If we start with $1$ , we can include nothing else, so that won't work. (Also note that $1$ is not an answer choice)

If we start with $2$ , we would have to include every odd number except $1$ to fill out the set, but then $3$ and $9$ would violate the rule, so that won't work.

Experimentation with $3$ shows it's likewise impossible. You can include $7$ , $11$ , and either $5$ or $10$ (which are always safe). But after adding either $4$ or $8$ we have no more places to go.
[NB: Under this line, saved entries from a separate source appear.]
(* Homogeneity of the nonlinearity: with a (p - 1) = 2 and p = 2q+1, the forcing
   e^((a+2) t) F(e^t) is the same nonlinearity evaluated at the scaled values. *)
Lemma coupling_scaling q mu beta t x y : 0 < q ->
  let a := 2 / (2 * q + 1 - 1) in
  exp (a * t) * exp t * exp t * (mu * rpow x (2 * q + 1) + beta * rpow x q * rpow y (q + 1))
  = mu * rpow (exp (a * t) * x) (2 * q + 1)
    + beta * rpow (exp (a * t) * x) q * rpow (exp (a * t) * y) (q + 1).
Proof.
  intros Hq a. rewrite !rpow_exp_mul.
  assert (Hp : exp ((2 * q + 1) * (a * t)) = exp (a * t) * exp t * exp t)
    by (rewrite <- !exp_plus; f_equal; unfold a; field; lra).
  assert (Hqq : exp (q * (a * t)) * exp ((q + 1) * (a * t)) = exp (a * t) * exp t * exp t)
    by (rewrite <- !exp_plus; f_equal; unfold a; field; lra).
  rewrite Hp. transitivity (mu * (exp (a * t) * exp t * exp t) * rpow x (2 * q + 1)
    + beta * (exp (q * (a * t)) * exp ((q + 1) * (a * t))) * rpow x q * rpow y (q + 1));
    [rewrite Hqq|]; ring.
Qed.

Lemma radial_component n mu p u D1 D2 F : (3 <= n)%nat -> 1 < p -> 0 < mu ->
  C2_punct n u D1 D2 -> radial n u ->
  (forall x, inRn n x -> 0 < nrm n x -> 0 <= u x) ->
  (forall r, 0 < r ->
     - sumR n (fun i => D2 i i (radpt r)) = F r /\ mu * rpow (u (radpt r)) p <= F r) ->
  let a := 2 / (p - 1) in
  let W := emden_fowler a (profile u) in
  let dW := emden_fowler_d1 a (profile u) (profile (D1 0%nat)) in
  let ddW := emden_fowler_d2 a (profile u) (profile (D1 0%nat)) (profile (D2 0%nat 0%nat)) in
  (forall t, derivable_pt_lim W t (dW t) /\ derivable_pt_lim dW t (ddW t)) /\
  (forall t, ddW t + tau0 n p * dW t - sigma0 n p * W t + exp (a * t) * exp t * exp t * F (exp t) = 0) /\
  (exists B D, forall t, 0 <= W t <= B /\ Rabs (dW t) <= D).
Proof.
  intros Hn Hp Hmu HC Hrad Hu HF a W dW ddW.
  destruct (Nat.le_exists_sub 3 n Hn) as [k [Hnk _]]. rewrite Nat.add_comm in Hnk.
  assert (HN : INR n = INR (S k) + 2) by (rewrite Hnk; simpl plus; rewrite !S_INR; ring).
  assert (Hm : 0 < INR (S k)) by (apply lt_0_INR; lia).
  assert (Hprof : forall r, 0 < r ->
    derivable_pt_lim (profile u) r (profile (D1 0%nat) r) /\
    derivable_pt_lim (profile (D1 0%nat)) r (profile (D2 0%nat 0%nat) r))
    by (intros r Hr; apply (profile_derivatives n u D1 D2); auto; lia).
  assert (Hradial : forall r, 0 < r ->
    profile (D2 0%nat 0%nat) r = - F r - (INR n - 1) * (profile (D1 0%nat) r / r)).
  { intros r Hr. destruct (HF r Hr) as [HF1 _].
    rewrite <- HF1, (radial_laplacian n u D1 D2) by (auto; lia). ring. }
  assert (Hsuper : forall r, 0 < r ->
    derivable_pt_lim (profile u) r (profile (D1 0%nat) r) /\
    derivable_pt_lim (profile (D1 0%nat)) r (profile (D2 0%nat 0%nat) r) /\
    0 <= profile u r /\
    profile (D2 0%nat 0%nat) r + (INR (S k) + 1) * (profile (D1 0%nat) r / r) = - F r /\
    mu * rpow (profile u r) p <= F r).
  { intros r Hr. destruct (Hprof r Hr). destruct (radpt_admissible n r ltac:(lia) Hr).
    repeat split; auto; [apply Hu; auto | rewrite Hradial by auto; rewrite HN; ring | apply HF, Hr]. }
  split; [|split].
  - exact (emden_fowler_derivatives a _ _ _ Hprof).
  - intro t. apply emden_fowler_equation; [lra | lra | apply Hradial, exp_pos].
  - set (C := INR (S k) * 2 ^ (k + 3) / mu).
    assert (HC0 : 0 < C)
      by (apply Rdiv_lt_0_compat; [apply Rmult_lt_0_compat; [lra | apply pow_lt; lra] | lra]).
    exists (Rpower C (/ (p - 1))), ((a + INR (S k)) * Rpower C (/ (p - 1))).
    apply (emden_fowler_bounds p (INR (S k)) C); auto.
    intros r Hr. pose proof (decay_estimate k mu p _ _ _ F Hmu ltac:(lra) Hsuper r Hr) as Hdecay.
    repeat split.
    + apply (Hsuper r Hr).
    + exact (phi_deriv_nonpos k mu p _ _ _ F Hmu Hsuper r Hr).
    + exact (radial_lower_bound k mu p _ _ _ F Hmu Hsuper r Hr).
    + unfold C. apply Rmult_le_reg_l with mu; [lra|].
      replace (mu * (INR (S k) * 2 ^ (k + 3) / mu * profile u r))
        with (INR (S k) * 2 ^ (k + 3) * profile u r) by (field; lra).
      lra.
Qed.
Finally, starting with $4$ , we find that the sequence $4,5,6,7,9,11$ works, giving us $\boxed{\textbf{(C)} \text{ 4}}$ . (Random_Guy)

Solution 2

We know that all the odd numbers (except 1) can be used.

$3, 5, 7, 9, 11$

Now we have 7 to choose from for the last number (out of $1, 2, 4, 6, 8, 10, 12$ ). We can eliminate 1, 2, 10, and 12, and we have $4, 6, 8$ to choose from. But wait, 9 is a multiple of 3! Now we have to take out either 3 or 9 from the list. If we take out $9$ , none of the numbers would work, but if we take out $3$ , we get:

$4, 5, 6, 7, 9, 11$

So the least number is $4$ , so the answer is $\boxed{\textbf{(C)} \text{ 4}}$ .

-Baolan

Solution 3

We can get the multiples for the numbers in the original set with multiples in the same original set

$1:$ $\text{all}$ $\text{numbers}$ $\text{within}$ $\text{range}$

$2: 4,6,8,10,12$

$3: 6,9,12$

$4: 8,12$

$5: 10$

$6: 12$

It will be safe to start with 5 or 6 since they have the smallest number of multiples as listed above, but since the question asks for the least, it will be better to try others.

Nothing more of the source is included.